Autor: Matze
Ausgeschlafen ging es am nächsten Tag dann endlich mal zu einem richtigen Entspannungstag über. Am Fuße des größten Berges Japan befindet sich ein toller Ort für Jung und Alt, der bei uns heute auf der Agenda stand.
Das Fuji-Q Highland ist ein Freizeitpark gefüllt mit spektakulären Attraktionen, die bereit waren uns gewaltig durchzuschütteln. Der Weg von der Unterkunft zum Eingang dauerte nur entspannte zwanzig Minuten. Es war die perfekte Länge, um wach zu werden und einen Kaffee aus einer der vielen Automaten zu trinken. Der Gedanke daran, gleich im Freizeitpark zu stehen, macht einen dann doch zwangsläufig wieder zu einem Kind. Also wir ankamen, waren die Menschenmengen am Eingang dann doch überschaubar. Es war Nebensaison, somit war die Warteschlange keine fünf Minuten lang. Es war auch möglich, den Park kostenlos zu betreten und dann die Attraktionen einzeln zu bezahlen.

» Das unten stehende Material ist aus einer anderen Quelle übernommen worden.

(* Let the language $\mathcal{L}(\Rightarrow)$, Yalcin's semantics, validity, informational consequence and the Yalcin logic be as described in the context. Then the set of formulas of $\mathcal{L}(\Rightarrow)$ that are valid according to Yalcin's semantics is exactly the Yalcin logic. Moreover, for all formulas $\sigma_1,\dots,\sigma_n,\varphi$ of $\mathcal{L}(\Rightarrow)$, $\varphi$ is an informational consequence of $\{\sigma_1,\dots,\sigma_n\}$ if and only if $(\Box\sigma_1\wedge\dots\wedge\Box\sigma_n)\to\Box\varphi$ is a theorem of the Yalcin logic.
   Context: The language $\mathcal{L}(\Rightarrow)$ is given by $\varphi::= p\mid \neg\varphi\mid (\varphi\wedge\varphi)\mid \Box\varphi \mid (\varphi\Rightarrow\varphi)$, where $p$ ranges over a fixed set of propositional variables; $\vee,\to,\leftrightarrow,\bot$ are defined as usual and $\Diamond\varphi:=\neg\Box\neg\varphi$. $\mathcal{L}$ is the set of formulas not containing $\Rightarrow$; a formula is nonmodal if it is in $\mathcal{L}$ and contains no $\Box$. A model is $\mathcal{M}=\langle W,V\rangle$ with $W$ a nonempty set and $V$ assigning to each propositional variable a subset of $W$. Yalcin's semantics evaluates formulas at $\mathcal{M},w,X$ with $w\in W$ and $X\subseteq W$ (an information state): $\mathcal{M},w,X\vDash p$ iff $w\in V(p)$; negation and conjunction are Boolean; $\mathcal{M},w,X\vDash\Box\varphi$ iff $\mathcal{M},v,X\vDash\varphi$ for all $v\in X$; $\mathcal{M},w,X\vDash\varphi\Rightarrow\psi$ iff $\mathcal{M},w,\llbracket\varphi\rrbracket^{\mathcal{M},X}\vDash\Box\psi$, where $\llbracket\varphi\rrbracket^{\mathcal{M},X}=\{v\in X\mid \mathcal{M},v,X\vDash\varphi\}$. A formula is valid iff it is true at every $w$ relative to every $X\subseteq W$ in every model. $\mathcal{M},X\vDash\varphi$ means $\mathcal{M},w,X\vDash\varphi$ for all $w\in X$; $\varphi$ is an informational consequence of a set $\Sigma$ iff for every model $\mathcal{M}$ and every $X\subseteq W$, if $\mathcal{M},X\vDash\sigma$ for all $\sigma\in\Sigma$ then $\mathcal{M},X\vDash\varphi$. The Yalcin logic is the smallest set of $\mathcal{L}(\Rightarrow)$ formulas closed under replacement of equivalents (if $\alpha\leftrightarrow\beta$ is in the set and $\varphi'$ results from $\varphi$ by replacing an occurrence of $\alpha$ by $\beta$, then $\varphi\leftrightarrow\varphi'$ is in the set), modus ponens for $\to$, and necessitation for $\Box$ (from $\varphi$ infer $\Box\varphi$), and containing all substitution instances of propositional tautologies and all instances of: K: $\Box(\varphi\to\psi)\to(\Box\varphi\to\Box\psi)$; 4: $\Diamond\Diamond\varphi\to\Diamond\varphi$; 5: $\Diamond\Box\varphi\to\Box\varphi$; I1: $(\varphi\Rightarrow\pi)\leftrightarrow\Box(\varphi\to\pi)$ for $\pi$ nonmodal; I2: $(\varphi\Rightarrow(\alpha\wedge\beta))\leftrightarrow((\varphi\Rightarrow\alpha)\wedge(\varphi\Rightarrow\beta))$; I3: $(\varphi\Rightarrow\alpha)\to(\varphi\Rightarrow(\alpha\vee\beta))$; I4: $(\varphi\Rightarrow\alpha)\to(\varphi\Rightarrow\Box\alpha)$; I5: $((\varphi\Rightarrow(\alpha\vee\Box\beta))\wedge\neg(\varphi\Rightarrow\beta))\to(\varphi\Rightarrow\alpha)$; I6: $((\varphi\Rightarrow(\alpha\vee\Diamond\beta))\wedge(\varphi\Rightarrow\neg\beta))\to(\varphi\Rightarrow\alpha)$; I7: $\neg(\varphi\Rightarrow\beta)\to(\varphi\Rightarrow\Diamond\neg\beta)$. *)

From Stdlib Require Import List.
Import ListNotations.

Inductive form : Type :=
| Var : nat -> form
| Neg : form -> form
| And : form -> form -> form
| Box : form -> form
| Cond : form -> form -> form.

Definition Or (a b : form) : form := Neg (And (Neg a) (Neg b)).
Definition Imp (a b : form) : form := Neg (And a (Neg b)).
Definition Iff (a b : form) : form := And (Imp a b) (Imp b a).
Definition Bot : form := And (Var 0) (Neg (Var 0)).
Definition Top : form := Neg Bot.
Definition Dia (a : form) : form := Neg (Box (Neg a)).

Fixpoint nonmodal (f : form) : Prop :=
  match f with
  | Var _ => True
  | Neg a => nonmodal a
  | And a b => nonmodal a /\ nonmodal b
  | Box _ => False
  | Cond _ _ => False
  end.

(* Yalcin's semantics. A model is (W, V) with W nonempty; X is an info state. *)
Fixpoint sat {W : Type} (V : nat -> W -> Prop) (f : form) (X : W -> Prop) (w : W)
  : Prop :=
  match f with
  | Var p => V p w
  | Neg a => ~ sat V a X w
  | And a b => sat V a X w /\ sat V b X w
  | Box a => forall v, X v -> sat V a X v
  | Cond a b =>
      let Y := fun v => X v /\ sat V a X v in
      forall v, Y v -> sat V b Y v
  end.

Definition valid (f : form) : Prop :=
  forall (W : Type) (V : nat -> W -> Prop) (X : W -> Prop) (w : W),
    sat V f X w.

Definition sat_state {W : Type} (V : nat -> W -> Prop) (X : W -> Prop) (f : form)
  : Prop := forall w, X w -> sat V f X w.

Definition inf_cons (S : list form) (f : form) : Prop :=
  forall (W : Type) (V : nat -> W -> Prop) (X : W -> Prop),
    inhabited W ->
    (forall s, In s S -> sat_state V X s) -> sat_state V X f.

Inductive pform : Type :=
| PVar : nat -> pform
| PNeg : pform -> pform
| PAnd : pform -> pform -> pform.

Fixpoint peval (v : nat -> bool) (p : pform) : bool :=
  match p with
  | PVar n => v n
  | PNeg a => negb (peval v a)
  | PAnd a b => andb (peval v a) (peval v b)
  end.

Definition tautology (p : pform) : Prop := forall v, peval v p = true.

Fixpoint psubst (s : nat -> form) (p : pform) : form :=
  match p with
  | PVar n => s n
  | PNeg a => Neg (psubst s a)
  | PAnd a b => And (psubst s a) (psubst s b)
  end.

Inductive replace (a b : form) : form -> form -> Prop :=
| rep_here : replace a b a b
| rep_neg : forall f f', replace a b f f' -> replace a b (Neg f) (Neg f')
| rep_andl : forall f f' g, replace a b f f' -> replace a b (And f g) (And f' g)
| rep_andr : forall f g g', replace a b g g' -> replace a b (And f g) (And f g')
| rep_box : forall f f', replace a b f f' -> replace a b (Box f) (Box f')
| rep_condl : forall f f' g, replace a b f f' -> replace a b (Cond f g) (Cond f' g)
| rep_condr : forall f g g', replace a b g g' -> replace a b (Cond f g) (Cond f g').

Inductive yalcin : form -> Prop :=
| Y_taut : forall p s, tautology p -> yalcin (psubst s p)
| Y_K : forall f g, yalcin (Imp (Box (Imp f g)) (Imp (Box f) (Box g)))
| Y_4 : forall f, yalcin (Imp (Dia (Dia f)) (Dia f))
| Y_5 : forall f, yalcin (Imp (Dia (Box f)) (Box f))
| Y_I1 : forall f p, nonmodal p -> yalcin (Iff (Cond f p) (Box (Imp f p)))
| Y_I2 : forall f a b,
    yalcin (Iff (Cond f (And a b)) (And (Cond f a) (Cond f b)))
| Y_I3 : forall f a b, yalcin (Imp (Cond f a) (Cond f (Or a b)))
| Y_I4 : forall f a, yalcin (Imp (Cond f a) (Cond f (Box a)))
| Y_I5 : forall f a b,
    yalcin (Imp (And (Cond f (Or a (Box b))) (Neg (Cond f b))) (Cond f a))
| Y_I6 : forall f a b,
    yalcin (Imp (And (Cond f (Or a (Dia b))) (Cond f (Neg b))) (Cond f a))
| Y_I7 : forall f b, yalcin (Imp (Neg (Cond f b)) (Cond f (Dia (Neg b))))
| Y_RE : forall a b f f', yalcin (Iff a b) -> replace a b f f' -> yalcin (Iff f f')
| Y_MP : forall f g, yalcin (Imp f g) -> yalcin f -> yalcin g
| Y_Nec : forall f, yalcin f -> yalcin (Box f).

Fixpoint bigAnd (l : list form) : form :=
  match l with
  | [] => Top
  | [a] => a
  | a :: l' => And a (bigAnd l')
  end.

From Stdlib Require Import List Bool Classical ClassicalEpsilon.
Import ListNotations.

(* For completeness, every formula
   is provably equivalent to a flat one, in which [Box] is applied only to
   nonmodal formulas and [Cond] does not occur.  Axioms 4 and 5 make boxed
   formulas and their negations rigid, so [Box g] splits into cases over the
   truth values of the box atoms of [g], each case being [Box] of a nonmodal
   formula; axioms I2, I4 and I7 likewise split [Cond a b] over the values of
   [Cond a x] for the box atoms [Box x] of [b], and I1 turns [Cond a y], with
   [y] nonmodal, into [Box (Imp a y)].  A valid flat formula [f] is a
   propositional consequence of the theorems [Box t1 /\ ... /\ Box tn -> Box x]:
   given a valuation [e] of its atoms respecting these theorems, evaluate [f] in
   the canonical model whose worlds are valuations, at [e], relative to the
   state of the worlds satisfying every [t] with [e (Box t) = true].
   Informational consequence reduces to validity because [M, X |= phi] says
   exactly that [Box phi] holds relative to [X]. *)

(** * Propositional reasoning *)

Fixpoint beval (e : form -> bool) (f : form) : bool :=
  match f with
  | Neg a => negb (beval e a)
  | And a b => beval e a && beval e b
  | _ => e f
  end.

Definition form_eq_dec (f g : form) : {f = g} + {f <> g}.
Proof. decide equality; apply PeanoNat.Nat.eq_dec. Defined.

Fixpoint prop_atoms (f : form) : list form :=
  match f with
  | Neg a => prop_atoms a
  | And a b => prop_atoms a ++ prop_atoms b
  | _ => [f]
  end.

Fixpoint index_of (a : form) (l : list form) : nat :=
  match l with
  | [] => 0
  | x :: l' => if form_eq_dec x a then 0 else S (index_of a l')
  end.

Lemma nth_index_of a l : In a l -> nth (index_of a l) l Top = a.
Proof.
  induction l as [|x l IH]; simpl; intros Ha; [contradiction|].
  destruct (form_eq_dec x a) as [->|ne]; [reflexivity|].
  destruct Ha as [->|Ha]; [contradiction|auto].
Qed.

Fixpoint abstract (l : list form) (f : form) : pform :=
  match f with
  | Neg a => PNeg (abstract l a)
  | And a b => PAnd (abstract l a) (abstract l b)
  | _ => PVar (index_of f l)
  end.

Lemma psubst_abstract l f :
  incl (prop_atoms f) l -> psubst (fun n => nth n l Top) (abstract l f) = f.
Proof.
  induction f; simpl; intros Hl;
    try (apply nth_index_of, Hl; left; reflexivity).
  - now rewrite IHf.
  - apply incl_app_inv in Hl as [Hl1 Hl2]. now rewrite IHf1, IHf2.
Qed.

Lemma peval_abstract v l f :
  peval v (abstract l f) = beval (fun g => v (index_of g l)) f.
Proof. induction f; simpl; congruence. Qed.

Lemma yalcin_of_beval_tautology f : (forall e, beval e f = true) -> yalcin f.
Proof.
  intros Hf. rewrite <- (psubst_abstract (prop_atoms f) f) by apply incl_refl.
  apply Y_taut. intros v. rewrite peval_abstract. apply Hf.
Qed.

Lemma beval_Imp e a b :
  beval e (Imp a b) = true <-> (beval e a = true -> beval e b = true).
Proof. simpl. destruct (beval e a), (beval e b); simpl; intuition congruence. Qed.

Lemma beval_Iff e a b : beval e (Iff a b) = true <-> beval e a = beval e b.
Proof. simpl. destruct (beval e a), (beval e b); simpl; intuition congruence. Qed.

Lemma beval_Top e : beval e Top = true.
Proof. simpl. now destruct (e (Var 0)). Qed.

Lemma beval_Bot e : beval e Bot = false.
Proof. simpl. now destruct (e (Var 0)). Qed.

(* Excluded middle on [yalcin c] discards the members of [C] that are not
   theorems. *)
Lemma yalcin_of_entails_theorems (C : list form) f :
  (forall e, (forall c, In c C -> yalcin c -> beval e c = true) ->
             beval e f = true) ->
  yalcin f.
Proof.
  revert f; induction C as [|c C IH]; intros f Hf.
  - apply yalcin_of_beval_tautology. intros e. apply Hf. intros c [].
  - destruct (classic (yalcin c)) as [Hc|Hc].
    + apply (Y_MP c f); [|exact Hc]. apply IH. intros e He.
      apply beval_Imp. intros Ec. apply Hf. intros c' [<-|Hc'] Hy; auto.
    + apply IH. intros e He. apply Hf. intros c' [<-|Hc'] Hy; [contradiction|auto].
Qed.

Für uns gab es aber eine Tageskarte. Dadurch mussten wir in einer Fotobox ein Bild von uns machen, da an den einzelnen Achterbahnen etc. eine Gesichtserkennung war, die dann wusste, dass wir Tageskarten besitzen. Der Park an sich war nicht wirklich riesig. Es gab mehrere Achterbahnen, ein Naruto Dorf, das Thomas Land und noch verschiedene, kleine Sachen für das jüngere Publikum. Ich würde sagen, der Park war kleiner als Belantis oder der Freizeitpark Plohn. Aber das tat nicht viel zur Sache, da sich hier ein paar weltberühmte Achterbahnen tummelten, welche zumindest unter den Fans sehr berüchtigt sind. Größe ist halt nicht immer alles. Für uns ging es natürlich direkt zum absoluten Highlight des Parks.
Die „Eejanaika“(jap. ええじゃないか) ist eine 4th-Dimension-Stahlachterbahndes Herstellers S&S Power, die am 19. Juli 2006 eröffnet wurde. Sie ist nach der X2 in SixFlags Magic Mountain, die bereits 2002 eröffnet wurde, die zweite 4th-Dimension-Achterbahn weltweit. Sie gilt als die schnellste, höchste und längste Achterbahn dieses Typs. Bei einem 4th-Dimension-Coaster sind die Sitze – ähnlich einem Wing Coaster– seitlich links und rechts der Laufwerke angeordnet und können vertikal definiert um 360° gedreht werden. Dies ist möglich durch den Einsatz von vier statt zwei Schienen: Das eine Schienenpaar dient als Laufschiene für den Zug, die anderen beiden Schienen dienen dazu, die Sitze rotieren zu lassen. Der unterschiedliche relative Abstand der Schienenpaare zueinander definiert die Position der Sitze, welche mittels Zahnräder und Zahnstangen verdreht werden. Laut dem Guinness-Buch der Rekorde ist „Eejanaika“ mit 14 Inversionen die Achterbahn mit den meisten Inversionen weltweit. Dies ist aber auf die Anzahl der Sitzrotationen zurückzuführen und nicht auf die Anzahl der Inversionen, die vom kompletten Zug durchfahren werden (Quelle). Ich kann die Fahrt gar nicht in Worte fassen. Allein dass man vor dem Start die Schuhe ausziehen muss, erzeugte direkt etwas Ehrfurcht. Die zwei Minuten Fahrzeit konnte mein Kopf kaum verarbeiten. Es ist verrückt, wie der Sitz einfach komplett andere Dinge zur Fahrtrichtung macht. Ich füge hier einfach mal ein Video ein. Es ist zwar schwer darzustellen, wie sich das anfühlt, aber für einen einfachen Eindruck ist das bestimmt ganz gut.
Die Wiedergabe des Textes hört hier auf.